## EXERCISE INSTRUCTIONS:
Look through the records below for the line holding "vmul_1 : forall x, vmul v1 x = x;". Write it out exactly, with each following line through the line holding "bnorm_eq0 : forall".
....
(* Let $A$ be a Banach algebra and $a_0\in Z(A)\setminus\{0\}$ with $\|a_0\|\le 1$. Then for every integer $n\ge 3$: (i) $Mul_n(A)\bullet_{a_0}Mul_2(A)\subseteq Mul_2(A)$; (ii) $Mul_{n-1}(A)$ is a closed left ideal of $(Mul_n(A),\bullet_{a_0})$, so that $Mul_2(A)\lhd Mul_3(A)\lhd\cdots\lhd Mul_{n-1}(A)\lhd Mul_n(A)\lhd\cdots$.
   Context: $Z(A)$ is the center of $A$. For $m\ge 2$, $Mul_m(A)$ is the set of bounded linear maps $T:A\to A$ with $T(a_1\cdots a_m)=a_1T(a_2\cdots a_m)=T(a_1\cdots a_{m-1})a_m$ for all $a_i\in A$. On $Mul_n(A)$ the product is $S\bullet_{a_0}T(a)=S(a_0^{n-2}T(a))$. *)

(* norms are real-valued (Stdlib R); the scalar field is an
   abstract valued field (covers R and C). *)
From Stdlib Require Import Reals.
Open Scope R_scope.

Record ValField := {
  vK :> Type;
  v0 : vK; v1 : vK;
  vadd : vK -> vK -> vK; vmul : vK -> vK -> vK;
  vopp : vK -> vK; vinv : vK -> vK;
  vabs : vK -> R;
  vadd_assoc : forall x y z, vadd x (vadd y z) = vadd (vadd x y) z;
  vadd_comm : forall x y, vadd x y = vadd y x;
  vadd_0 : forall x, vadd v0 x = x;
  vadd_opp : forall x, vadd x (vopp x) = v0;
  vmul_assoc : forall x y z, vmul x (vmul y z) = vmul (vmul x y) z;
  vmul_comm : forall x y, vmul x y = vmul y x;
  vmul_1 : forall x, vmul v1 x = x;
  vmul_addl : forall x y z, vmul (vadd x y) z = vadd (vmul x z) (vmul y z);
  v1_neq_0 : v1 <> v0;
  vmul_inv : forall x, x <> v0 -> vmul x (vinv x) = v1;
  vabs_nonneg : forall x, 0 <= vabs x;
  vabs_eq0 : forall x, vabs x = 0 <-> x = v0;
  vabs_mul : forall x y, vabs (vmul x y) = vabs x * vabs y;
  vabs_triangle : forall x y, vabs (vadd x y) <= vabs x + vabs y
}.

Record BanachAlgebra (F : ValField) := {
  ba :> Type;
  b0 : ba;
  badd : ba -> ba -> ba;
  bopp : ba -> ba;
  bscal : F -> ba -> ba;
  bmul : ba -> ba -> ba;
  bnorm : ba -> R;
  badd_assoc : forall x y z, badd x (badd y z) = badd (badd x y) z;
  badd_comm : forall x y, badd x y = badd y x;
  badd_0 : forall x, badd b0 x = x;
  badd_opp : forall x, badd x (bopp x) = b0;
  bscal_1 : forall x, bscal (v1 F) x = x;
  bscal_assoc : forall c d x, bscal c (bscal d x) = bscal (vmul F c d) x;
  bscal_addr : forall c x y, bscal c (badd x y) = badd (bscal c x) (bscal c y);
  bscal_addl : forall c d x, bscal (vadd F c d) x = badd (bscal c x) (bscal d x);
  bmul_assoc : forall x y z, bmul x (bmul y z) = bmul (bmul x y) z;
  bmul_addl : forall x y z, bmul (badd x y) z = badd (bmul x z) (bmul y z);
  bmul_addr : forall x y z, bmul x (badd y z) = badd (bmul x y) (bmul x z);
  bmul_scall : forall c x y, bmul (bscal c x) y = bscal c (bmul x y);
  bmul_scalr : forall c x y, bmul x (bscal c y) = bscal c (bmul x y);
  bnorm_eq0 : forall x, bnorm x = 0 <-> x = b0;
  bnorm_triangle : forall x y, bnorm (badd x y) <= bnorm x + bnorm y;
  bnorm_scal : forall c x, bnorm (bscal c x) = vabs F c * bnorm x;
  bnorm_mul : forall x y, bnorm (bmul x y) <= bnorm x * bnorm y;
  bcomplete : forall u : nat -> ba,
    (forall e, 0 < e -> exists N, forall m n, (N <= m)%nat -> (N <= n)%nat ->
        bnorm (badd (u m) (bopp (u n))) < e) ->
    exists l, forall e, 0 < e -> exists N, forall n, (N <= n)%nat ->
        bnorm (badd (u n) (bopp l)) < e
}.

Arguments b0 {F} _.
Arguments badd {F _} _ _.
Arguments bopp {F _} _.
Arguments bscal {F _} _ _.
Arguments bmul {F _} _ _.
Arguments bnorm {F _} _.

Section Defs.
Variables (F : ValField) (A : BanachAlgebra F).

Definition in_center (z : A) : Prop := forall a : A, bmul z a = bmul a z.

Definition bounded_linear (T : A -> A) : Prop :=
  (forall x y, T (badd x y) = badd (T x) (T y)) /\
  (forall c x, T (bscal c x) = bscal c (T x)) /\
  (exists M : R, forall x, bnorm (T x) <= M * bnorm x).

(* prodn a k l = a_k a_(k+1) ... a_(k+l)  (l+1 factors). *)
Fixpoint prodn (a : nat -> A) (k l : nat) : A :=
  match l with
  | O => a k
  | S l' => bmul (a k) (prodn a (S k) l')
  end.

(* Mul_m(A): with a_1,...,a_m :
   a1...am = prodn a 1 (m-1), a2...am = prodn a 2 (m-2),
   a1...a_(m-1) = prodn a 1 (m-2). *)
Definition Mul (m : nat) (T : A -> A) : Prop :=
  bounded_linear T /\
  forall a : nat -> A,
    T (prodn a 1 (m - 1)) = bmul (a 1%nat) (T (prodn a 2 (m - 2))) /\
    T (prodn a 1 (m - 1)) = bmul (T (prodn a 1 (m - 2))) (a m).

(* x ^ (k+1) *)
Fixpoint apow1 (x : A) (k : nat) : A :=
  match k with
  | O => x
  | S k' => bmul x (apow1 x k')
  end.

(* The product on Mul_n(A): (S •_{a0} T)(a) = S(a0^(n-2) T(a)), n >= 3. *)
Definition bullet (n : nat) (a0 : A) (S T : A -> A) : A -> A :=
  fun a => S (bmul (apow1 a0 (n - 3)) (T a)).

Definition op_converges (Tk : nat -> A -> A) (T : A -> A) : Prop :=
  forall e, 0 < e -> exists N, forall k, (N <= k)%nat ->
    forall x, bnorm (badd (Tk k x) (bopp (T x))) <= e * bnorm x.

Definition closed_left_ideal (n : nat) (a0 : A) (I : (A -> A) -> Prop) : Prop :=
  (forall T, I T -> Mul n T) /\
  I (fun _ => b0 A) /\
  (forall S T, I S -> I T -> I (fun x => badd (S x) (T x))) /\
  (forall (c : F) T, I T -> I (fun x => bscal c (T x))) /\
  (forall S T, Mul n S -> I T -> I (bullet n a0 S T)) /\
  (forall Tk T, (forall k, I (Tk k)) -> Mul n T -> op_converges Tk T -> I T).

End Defs.
Arguments in_center {F A} _.
Arguments Mul {F A} _ _.
Arguments bullet {F A} _ _ _ _ _.
Arguments closed_left_ideal {F A} _ _ _.
Arguments bounded_linear {F A} _.
Arguments prodn {F A} _ _ _.
Arguments apow1 {F A} _ _.
Arguments op_converges {F A} _ _.

From Stdlib Require Import Reals Lra Lia.
Open Scope R_scope.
....
## RESPONSE FOR THIS EXERCISE:
  vmul_1 : forall x, vmul v1 x = x;
  vmul_addl : forall x y z, vmul (vadd x y) z = vadd (vmul x z) (vmul y z);
  v1_neq_0 : v1 <> v0;
  vmul_inv : forall x, x <> v0 -> vmul x (vinv x) = v1;
  vabs_nonneg : forall x, 0 <= vabs x;
  vabs_eq0 : forall x, vabs x = 0 <-> x = v0;
  vabs_mul : forall x y, vabs (vmul x y) = vabs x * vabs y;
  vabs_triangle : forall x y, vabs (vadd x y) <= vabs x + vabs y
}.

Record BanachAlgebra (F : ValField) := {
  ba :> Type;
  b0 : ba;
  badd : ba -> ba -> ba;
  bopp : ba -> ba;
  bscal : F -> ba -> ba;
  bmul : ba -> ba -> ba;
  bnorm : ba -> R;
  badd_assoc : forall x y z, badd x (badd y z) = badd (badd x y) z;
  badd_comm : forall x y, badd x y = badd y x;
  badd_0 : forall x, badd b0 x = x;
  badd_opp : forall x, badd x (bopp x) = b0;
  bscal_1 : forall x, bscal (v1 F) x = x;
  bscal_assoc : forall c d x, bscal c (bscal d x) = bscal (vmul F c d) x;
  bscal_addr : forall c x y, bscal c (badd x y) = badd (bscal c x) (bscal c y);
  bscal_addl : forall c d x, bscal (vadd F c d) x = badd (bscal c x) (bscal d x);
  bmul_assoc : forall x y z, bmul x (bmul y z) = bmul (bmul x y) z;
  bmul_addl : forall x y z, bmul (badd x y) z = badd (bmul x z) (bmul y z);
  bmul_addr : forall x y z, bmul x (badd y z) = badd (bmul x y) (bmul x z);
  bmul_scall : forall c x y, bmul (bscal c x) y = bscal c (bmul x y);
  bmul_scalr : forall c x y, bmul x (bscal c y) = bscal c (bmul x y);
  bnorm_eq0 : forall x, bnorm x = 0 <-> x = b0;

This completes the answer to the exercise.